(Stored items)
BEGIN
(* Let $\mathcal{G}_{N,M}=\{G_s\}$ be the set of simple undirected networks on node set $\{1,\dots,N\}$ with exactly $M$ edges (no self-edges, no repeated edges), and let $G^{(0)}\in\mathcal{G}_{N,M}$. For $t\ge 0$ let $\mathbf{G}^{(t)}=(\mathcal{G}_{N,M},\pi^{(t)})$ be the random-network ensemble where $\pi^{(t)}_s$ is the probability that the network obtained from $G^{(0)}$ by $t$ successive independent uniform rewires equals $G_s$. Then $\lim_{t\to\infty}\mathbf{G}^{(t)}=\mathbf{G}_{N,M}$, where $\mathbf{G}_{N,M}=(\mathcal{G}_{N,M},\pi)$ is the Erdős–Rényi ensemble with $\pi_s=1/|\mathcal{G}_{N,M}|$ for all $s$.
   Context: A random-network ensemble is a pair $(\{G_s\},\pi)$ of a finite set of networks and a probability distribution $\pi$ on it. A sequence of ensembles $\mathbf{G}^{(t)}=(\{G_s\},\pi^{(t)})$ converges to $\mathbf{G}=(\{G_s\},\pi)$ iff $\pi^{(t)}\to\pi$. Uniform rewiring is the stochastic map on $\mathcal{G}_{N,M}$ taking a network with edge set $\mathcal{E}$ to the network with edge set $(\mathcal{E}\setminus\{(i,j)\})\cup\{(i',j')\}$, where $(i,j)$ is chosen uniformly at random from $\mathcal{E}$, and then $(i',j')$ is chosen uniformly at random among the $N(N-1)/2-M+1$ node pairs that are not edges of $\mathcal{E}\setminus\{(i,j)\}$ (re-selecting $(i,j)$ allowed). *)

From HB Require Import structures.
From mathcomp Require Import all_boot all_order all_algebra.
From mathcomp Require Import all_classical all_reals all_analysis.
Set Implicit Arguments. Unset Strict Implicit. Unset Printing Implicit Defensive.
Import Order.TTheory GRing.Theory Num.Theory.
Local Open Scope ring_scope.

(* A network on nodes 'I_N (i.e. {1..N}) is given by its edge set; an edge
   (i,j) is the unordered pair {i,j}, a 2-element subset of the nodes
   (so no self-edges and no repeated edges). *)
Definition network (N : nat) := {set {set 'I_N}}.

Definition node_pairs (N : nat) : {set {set 'I_N}} :=
  [set e : {set 'I_N} | #|e| == 2%N].

Definition GNM (N M : nat) : {set network N} :=
  [set E : network N | (E \subset node_pairs N) && (#|E| == M)].

(* One-step transition probability of uniform rewiring from E to E':
   choose (i,j) uniformly from E, then (i',j') uniformly among the node pairs
   that are not edges of E \ {(i,j)}. *)
Definition rewire_prob (R : realType) (N : nat) (E E' : network N) : R :=
  \sum_(e in E)
     \sum_(e' in node_pairs N :\: (E :\ e))
        ((E :\ e) :|: [set e'] == E')%:R
          / (#|E|%:R * #|node_pairs N :\: (E :\ e)|%:R).

Fixpoint rewire_dist (R : realType) (N : nat) (G0 : network N) (t : nat)
  : network N -> R :=
  match t with
  | 0%N => fun s => (s == G0)%:R
  | t'.+1 => fun s => \sum_(E : network N) rewire_dist R G0 t' E * rewire_prob R E s
  end.

From HB Require Import structures.
From mathcomp Require Import all_boot all_order all_algebra.
From mathcomp Require Import all_classical all_reals all_analysis.
From mathcomp Require Import ring lra zify.
Import Order.TTheory GRing.Theory Num.Theory numFieldNormedType.Exports.
Local Open Scope ring_scope.
Local Open Scope classical_set_scope.

(* Uniform rewiring is a Markov chain on G_{N,M} whose kernel is symmetric: the
   rewire replacing e by e' is undone by the one replacing e' by e, and every
   move has probability 1/(M K) with K = N(N-1)/2 - M + 1.  The kernel is thus
   doubly stochastic and the uniform law is stationary.  Two networks of
   G_{N,M} differ in at most M edges and a single rewire can swap one of them
   (or change nothing), so the M-step kernel is bounded below by
   delta = (M K)^-M on G_{N,M}.  Doeblin's argument then shrinks the distance
   to the uniform law by the factor 1 - delta |G_{N,M}| every M steps. *)

Lemma cvg_dist_le_expr_divn (R : realType) (u : nat -> R) (l c : R) (k : nat) :
  (0 < k)%N -> 0 <= c < 1 ->
  (forall t, `|u t - l| <= c ^+ (t %/ k)) -> u @ \oo --> l.
Proof.
move=> k_gt0 /andP[c_ge0 c_lt1] u_near; apply/cvgrPdist_le => eps eps_gt0.
have c_norm_lt1 : `|c| < 1 by rewrite ger0_norm.
have [Q _ cQ_small] := @cvgr0_norm_le _ _ _ _ _ _ (cvg_expr c_norm_lt1) _ eps_gt0.
exists (Q * k)%N => // t /= Qk_le_t; rewrite distrC.
apply: (le_trans (u_near t)); apply: le_trans (cQ_small Q (leqnn Q)).
rewrite ger0_norm ?exprn_ge0 // ler_wiXn2l // ?ltW //.
by rewrite leq_divRL.
Qed.

Fixpoint kpow {R : pzSemiRingType} {T : finType} (P : T -> T -> R) (j : nat) :
  T -> T -> R :=
  match j with
  | 0%N => fun x y => (x == y)%:R
  | j'.+1 => fun x y => \sum_z kpow P j' x z * P z y
  end.

Section DoublyStochasticChain.
Context {R : realType} {T : finType} {S : {set T}} {P : T -> T -> R}.
Hypothesis P_ge0 : forall x y, 0 <= P x y.
Hypothesis P_notin : forall x y, x \in S -> y \notin S -> P x y = 0.
Hypothesis P_row : forall x, x \in S -> \sum_(y in S) P x y = 1.
Hypothesis P_col : forall y, y \in S -> \sum_(x in S) P x y = 1.

Lemma kpow_ge0 j x y : 0 <= kpow P j x y.
Proof.
elim: j y => [|j IH] y /=; first exact: ler0n.
by apply: sumr_ge0 => z _; apply: mulr_ge0.
Qed.

Lemma kpow_notin j x y : x \in S -> y \notin S -> kpow P j x y = 0.
Proof.
move=> xS; elim: j y => [|j IH] y yS /=.
  by case: eqP yS => // <-; rewrite xS.
apply: big1 => z _; have [zS|zS] := boolP (z \in S).
  by rewrite P_notin ?mulr0.
by rewrite IH ?mul0r.
Qed.

Lemma kpow_col j y : y \in S -> \sum_(x in S) kpow P j x y = 1.
Proof.
elim: j y => [|j IH] y yS /=.
  by rewrite (bigD1 y) //= eqxx big1 ?addr0 // => x /andP[_ /negbTE ->].
rewrite exchange_big /= -[RHS](P_col _ yS) [RHS]big_mkcond; apply: eq_bigr => z _.
rewrite -mulr_suml; have [zS|zS] := boolP (z \in S); first by rewrite IH ?mul1r.
by rewrite big1 ?mul0r // => x xS; rewrite kpow_notin.
Qed.
(* Every form of degree d works, with the star configuration of the linear
   forms l_j = sum_i j^i y_i (any n+1 of them are independent by Vandermonde).
   Put m = r - n >= d.  For each n-subset J of {1..r} there is a point a_J of
   X(r) where l_j vanishes exactly for j in J, so the degree-m forms
   f_J = prod_{j notin J} l_j satisfy f_J(a_K) <> 0 iff J = K.  There are
   binom(r, n) = dim T_m of them, hence they form a basis of T_m and no nonzero
   form of degree m vanishes on X(r); multiplying by powers of y_0, the same
   holds in every degree e <= m.  Since X(r) is a cone, the homogeneous
   components of an element of I(X(r)) lie in I(X(r)), so I(X(r)) contains no
   operator of degree <= d, while every operator of degree > d kills F. *)

Set Implicit Arguments.
Unset Strict Implicit.
Unset Printing Implicit Defensive.
Import GRing.Theory Num.Theory.
Local Open Scope ring_scope.

Section LinearForms.
Variables (R : nzRingType) (k : nat).
Implicit Types (p : {mpoly R[k]}) (c a : 'I_k -> R).

Lemma mcoeffU_sumZX c i : (\sum_j c j *: 'X_j : {mpoly R[k]})@_U_(i) = c i.
Proof.
rewrite raddf_sum (bigD1 i) //= mcoeffZ mcoeffXU eqxx mulr1 big1 ?addr0 // => j nji.
by rewrite mcoeffZ mcoeffXU (negbTE nji) mulr0.
Qed.

Lemma dhomog1_sumZX c : (\sum_j c j *: 'X_j : {mpoly R[k]}) \is 1.-homog.
Proof. by rewrite rpred_sum // => j _; rewrite rpredZ // dhomogX; apply/eqP/mdeg1. Qed.

Lemma homog1_sumZXE p : p \is 1.-homog -> p = \sum_i p@_U_(i) *: 'X_i.
Proof.
move=> p_homog; apply/mpolyP => m.
have [/mdeg1P [i /eqP ->]|m_deg] := boolP (mdeg m == 1%N).
  by rewrite mcoeffU_sumZX.
by rewrite !(dhomog_nemf_coeff _ m_deg) // dhomog1_sumZX.
Qed.

Lemma homog1_mevalE p a : p \is 1.-homog -> p.@[a] = \sum_i p@_U_(i) * a i.
Proof.
move=> p_homog; rewrite {1}(homog1_sumZXE p_homog) raddf_sum.
by apply: eq_bigr => i _; rewrite /= mevalZ mevalXU.
Qed.

End LinearForms.

Lemma mpolyXU_neq0 {R : nzRingType} {k} (i : 'I_k) : ('X_i : {mpoly R[k]}) != 0.
Proof.
apply: contra_neq (@oner_neq0 R) => Xi0.
by have := mcoeffXU R i i; rewrite Xi0 mcoeff0 eqxx => ->.
Qed.

Lemma meval_dhomog_scale (R : comNzRingType) k (q : {mpoly R[k]}) e t a :
  q \is e.-homog -> q.@[fun i => t * a i] = t ^+ e * q.@[a].
Proof.
move=> q_homog; rewrite !mevalE mulr_sumr !big_seq; apply: eq_bigr => mu mu_supp.
under eq_bigr do rewrite exprMn.
by rewrite big_split /= prodrXr -mdegE (dhomog_mf q_homog mu_supp) mulrCA.
Qed.

Section HomogeneousComponents.
Variables (R : nzRingType) (k : nat).
Implicit Types (g F : {mpoly R[k]}).

Lemma pihomog_msize_eq0 g e : (msize g <= e)%N -> pihomog mdeg e g = 0.
Proof.
move=> g_size; rewrite pihomogE big1_seq // => mu /andP [/eqP mu_deg mu_supp].
by have := msize_mdeg_lt mu_supp; rewrite mu_deg ltnNge g_size.
Qed.

Lemma mcoeff_pihomog_mdeg g mu : (pihomog mdeg (mdeg mu) g)@_mu = g@_mu.
Proof.
rewrite pihomogE [in RHS](mpolyE g) !raddf_sum /= big_mkcond /=.
apply: eq_bigr => m _; rewrite mcoeffZ mcoeffX.
by case: (m =P mu) => [->|_]; rewrite ?eqxx // mulr0 if_same.
Qed.

Lemma mderivm_dhomog_eq0 F d mu : F \is d.-homog -> (d < mdeg mu)%N -> F^`M[mu] = 0.
Proof.
move=> F_homog d_lt; apply/mpolyP => m; rewrite mcoeff_mderivm mcoeff0.
rewrite (dhomog_nemf_coeff F_homog) ?mul0rn //=.
by rewrite mdegD gtn_eqF // (leq_trans d_lt) ?leq_addr.
Qed.

End HomogeneousComponents.

Lemma poly_eq0_on_nonzero (R : numDomainType) (p : {poly R}) :
  (forall t, t != 0 -> p.[t] = 0) -> p = 0.
Proof.
move=> p0; apply: (@roots_geq_poly_eq0 _ p [seq i.+1%:R | i <- iota 0 (size p)]).
- by apply/allP => _ /mapP [i _ ->]; apply/rootP/p0; rewrite pnatr_eq0.
- by rewrite map_inj_uniq ?iota_uniq // => i j /eqP; rewrite eqr_nat => /eqP [].
- by rewrite size_map size_iota.
Qed.

Lemma pihomog_cone_vanish (R : numDomainType) k (P : ('I_k -> R) -> Prop)
    (g : {mpoly R[k]}) :
  (forall t a, t != 0 -> P a -> P (fun i => t * a i)) ->
  (forall a, P a -> g.@[a] = 0) -> forall e a, P a -> (pihomog mdeg e g).@[a] = 0.
Proof.
move=> P_cone g0 e a Pa.
have [g_size|e_lt] := leqP (msize g) e; first by rewrite pihomog_msize_eq0 ?meval0.
pose q := \poly_(i < msize g) (pihomog mdeg i g).@[a].
suff /(congr1 (fun q : {poly R} => q`_e)) : q = 0 by rewrite coef_poly e_lt coef0.
apply: poly_eq0_on_nonzero => t t_neq0.
rewrite horner_poly -[RHS](g0 _ (P_cone t a t_neq0 Pa)).
rewrite [in RHS](pihomog_partitionE (k := msize g) (leqnn _)) raddf_sum.
by apply: eq_bigr => i _; rewrite /= (meval_dhomog_scale _ _ (pihomogP _ _ _)) mulrC.
Qed.

Section StarConfiguration.
Variables (n r : nat) (l : 'I_r -> {mpoly C[n.+1]}).
Hypothesis l_homog : forall j, l j \is 1.-homog.
Hypothesis l_indep : any_np1_independent l.
Implicit Types (J K : {set 'I_r}) (a : 'I_n.+1 -> C).

Definition lin_coefmx k (s : 'I_k -> 'I_r) : 'M[C]_(n.+1, k) :=
  \matrix_(i, j) (l (s j))@_U_(i).

Lemma meval_lin_coefmx k (s : 'I_k -> 'I_r) a j :
  (l (s j)).@[a] = (\row_i a i *m lin_coefmx s) 0 j.
Proof.
by rewrite homog1_mevalE // !mxE; apply: eq_bigr => i _; rewrite !mxE mulrC.
Qed.

Lemma lin_coefmx_det_neq0 (s : 'I_n.+1 -> 'I_r) :
  injective s -> \det (lin_coefmx s) != 0.
Proof.
move=> s_inj; rewrite -det_tr; apply/det0P => -[v /eqP v_neq0 vM0]; apply: v_neq0.
apply/rowP => k; rewrite mxE; apply: (l_indep s_inj (c := fun k => v 0 k) _ k).
have sum_homog : \sum_k v 0 k *: l (s k) \is 1.-homog.
  by rewrite rpred_sum // => k' _; rewrite rpredZ.
rewrite (homog1_sumZXE sum_homog) big1 // => i _.
suff -> : (\sum_k v 0 k *: l (s k))@_U_(i) = (v *m (lin_coefmx s)^T) 0 i.
  by rewrite vM0 mxE scale0r.
by rewrite raddf_sum !mxE; apply: eq_bigr => k' _; rewrite /= mcoeffZ !mxE.
Qed.

Lemma lin_forms_common_zero (K : {set 'I_r}) a : (n < #|K|)%N ->
  (forall j, j \in K -> (l j).@[a] = 0) -> forall i, a i = 0.
Proof.
move=> K_big aK i; pose s k := enum_val (widen_ord K_big k).
have s_inj : injective s by move=> k1 k2 /enum_val_inj [] /val_inj.
apply/eqP; apply: contraNT (lin_coefmx_det_neq0 s_inj) => ai_neq0.
apply/det0P; exists (\row_i a i).
  by apply: contra_neq ai_neq0 => /rowP/(_ i); rewrite !mxE.
by apply/rowP => k; rewrite -meval_lin_coefmx mxE aK ?enum_valP.
Qed.

Lemma star_point (J : {set 'I_r}) : #|J| = n ->
  exists2 a, nonzero_vec a & forall j, ((l j).@[a] == 0) = (j \in J).
Proof.
move=> cardJ; pose B := lin_coefmx (@enum_val _ (mem J)).
have /rowV0Pn [v /sub_kermxP vB0 v_neq0] : kermx B != 0.
  rewrite -mxrank_eq0 mxrank_ker subn_eq0 -ltnNge.
  by rewrite (leq_ltn_trans (rank_leq_col B)) ?cardJ.
pose a i := v 0 i; have va : \row_i a i = v by apply/rowP => i; rewrite mxE.
have aJ j : j \in J -> (l j).@[a] = 0.
  by move=> jJ; rewrite -(enum_rankK_in jJ jJ) meval_lin_coefmx va vB0 mxE.
have a_neq0 : nonzero_vec a.
  apply/existsP; apply: contra_neqT v_neq0 => /existsPn a0.
  by rewrite -va; apply/rowP => i; rewrite !mxE; apply/eqP/negPn.
exists a => // j; have [jJ|jNJ] := boolP (j \in J); first by rewrite aJ ?eqxx.
apply/negbTE/eqP => laj; case: a_neq0 => i; apply/negP; rewrite negbK; apply/eqP.
apply: (@lin_forms_common_zero (j |: J)) => [|j'].
  by rewrite cardsU1 jNJ cardJ.
by rewrite in_setU1 => /predU1P [->|/aJ].
Qed.

Lemma in_star_scale t a : t != 0 -> in_star l a -> in_star l (fun i => t * a i).
Proof.
move=> t_neq0 [[i ai_neq0] [J [cardJ aJ]]]; split; first by exists i; rewrite mulf_neq0.
by exists J; split=> // j jJ; rewrite (meval_dhomog_scale _ _ (l_homog j)) aJ ?mulr0.
Qed.

(* The order on C, hence its characteristic 0, is only visible on R[i]. *)
Lemma star_ideal_pihomog g e :
  in_ideal_star l g -> in_ideal_star l (pihomog mdeg e g).
Proof.
by move=> g_van; apply: (@pihomog_cone_vanish (Rdefinitions.R)[i] _ _ _ in_star_scale).
Qed.

Definition star_form (J : {set 'I_r}) : {mpoly C[n.+1]} := \prod_(j in ~: J) l j.
Lemma mlcm_dvd (R : fieldType) (s : seq {poly R}) p : p \in s -> p %| mlcm s.
Proof.
move=> ps; rewrite /mlcm -mul_polyC; apply: dvdp_trans (dvdp_mulIr _ _).
elim: s ps => [|a s IH] //=; rewrite inE => /orP [/eqP ->|/IH H].
  exact: lcmp2_dvdl.
exact: dvdp_trans H (lcmp2_dvdr _ _).
Qed.

Lemma mlcm_nil (R : fieldType) : mlcm [::] = 1 :> {poly R}.
Proof. by rewrite /mlcm /= lead_coef1 invr1 scale1r. Qed.

Lemma sum_seq_eq0_other (M : nmodType) (I : eqType) (s : seq I) (F : I -> M) i :
  uniq s -> i \in s -> \sum_(j <- s) F j = 0 -> F i != 0 ->
  exists2 j, j \in s & (j != i) && (F j != 0).
Proof.
move=> us is0 sum0 Fi0; apply/hasP; apply: contraNT Fi0 => /hasPn others.
rewrite -sum0 (bigD1_seq i) //= big1_seq ?addr0 // => j /andP [ji js].
by apply/eqP; have := others j js; rewrite ji negbK.
Qed.

Section LevelTree.
Variables (V : eqType) (par : V -> V) (lev : V -> nat) (ch : V -> seq V).
Hypothesis Htree : level_tree par lev ch.

Local Notation in_sub := (in_sub par).

Lemma lev_par x : lev (par x) = (lev x).+1. Proof. by case: Htree. Qed.

Lemma mem_ch x y : (y \in ch x) = (par y == x). Proof. by case: Htree. Qed.

Lemma uniq_ch x : uniq (ch x). Proof. by case: Htree. Qed.

Lemma lev_ch x y : y \in ch x -> lev x = (lev y).+1.
Proof. by rewrite mem_ch => /eqP <-; rewrite lev_par. Qed.

Lemma ch_lev0 x : lev x = 0%N -> ch x = [::].
Proof.
case: (ch x) (@lev_ch x) => [//|y s] /(_ y).
by rewrite inE eqxx => /(_ isT) ->.
Qed.

Lemma par_neq x : par x != x.
Proof. by apply/eqP => /(congr1 lev)/eqP; rewrite lev_par eqn_leq ltnn. Qed.

Lemma lev_iter k t : lev (iter k par t) = (lev t + k)%N.
Proof. by elim: k => [|k IH] /=; rewrite ?addn0 // lev_par IH addnS. Qed.

Lemma in_sub_refl x : in_sub x x. Proof. by exists 0%N. Qed.

Lemma in_sub_trans x y t : in_sub x y -> in_sub y t -> in_sub x t.
Proof. by case=> a Ha [b Hb]; exists (a + b)%N; rewrite iterD Hb. Qed.

Lemma in_sub_ch x y : y \in ch x -> in_sub x y.
Proof. by rewrite mem_ch => /eqP pyx; exists 1%N. Qed.

Lemma in_sub_par x t : in_sub x (par t) -> in_sub x t.
Proof. by case=> k Hk; exists k.+1; rewrite iterSr. Qed.

Lemma in_sub_parW x t : in_sub x t -> t != x -> in_sub x (par t).
Proof.
case=> [[|k] Hk] tx; first by rewrite -Hk eqxx in tx.
by exists k; rewrite -iterSr.
Qed.

Lemma in_sub_lev x t :
  in_sub x t -> (lev t <= lev x)%N /\ iter (lev x - lev t) par t = x.
Proof. by case=> k Hk; rewrite -Hk lev_iter leq_addr addKn. Qed.

Lemma in_sub_lt x t : in_sub x t -> t != x -> (lev t < lev x)%N.
Proof.
move=> /in_sub_lev [le_tx iter_tx] tx; rewrite ltn_neqAle le_tx andbT.
by apply: contraNneq tx => eq_lev; rewrite -iter_tx eq_lev subnn.
Qed.

Lemma not_in_sub_par x : ~ in_sub x (par x).
Proof. by move=> /in_sub_lev []; rewrite lev_par ltnn. Qed.

Lemma in_sub_child x t : in_sub x t -> t != x -> exists2 y, y \in ch x & in_sub y t.
Proof.
move=> xt tx; have [_ iter_tx] := in_sub_lev xt.
have := in_sub_lt xt tx; rewrite -subn_gt0 => /prednK k_eq.
exists (iter (lev x - lev t).-1 par t); last by exists (lev x - lev t).-1.
by rewrite mem_ch -iterS k_eq iter_tx.
Qed.

Definition in_subb x t := (lev t <= lev x)%N && (iter (lev x - lev t) par t == x).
END
Using the entries above, give back exactly the line containing "operator of degree <= d, while", the line containing "Implicit Types (p", and every line between them, and nothing else.

▸ Finished task:
   operator of degree <= d, while every operator of degree > d kills F. *)

Set Implicit Arguments.
Unset Strict Implicit.
Unset Printing Implicit Defensive.
Import GRing.Theory Num.Theory.
Local Open Scope ring_scope.

Section LinearForms.
Variables (R : nzRingType) (k : nat).
Implicit Types (p : {mpoly R[k]}) (c a : 'I_k -> R).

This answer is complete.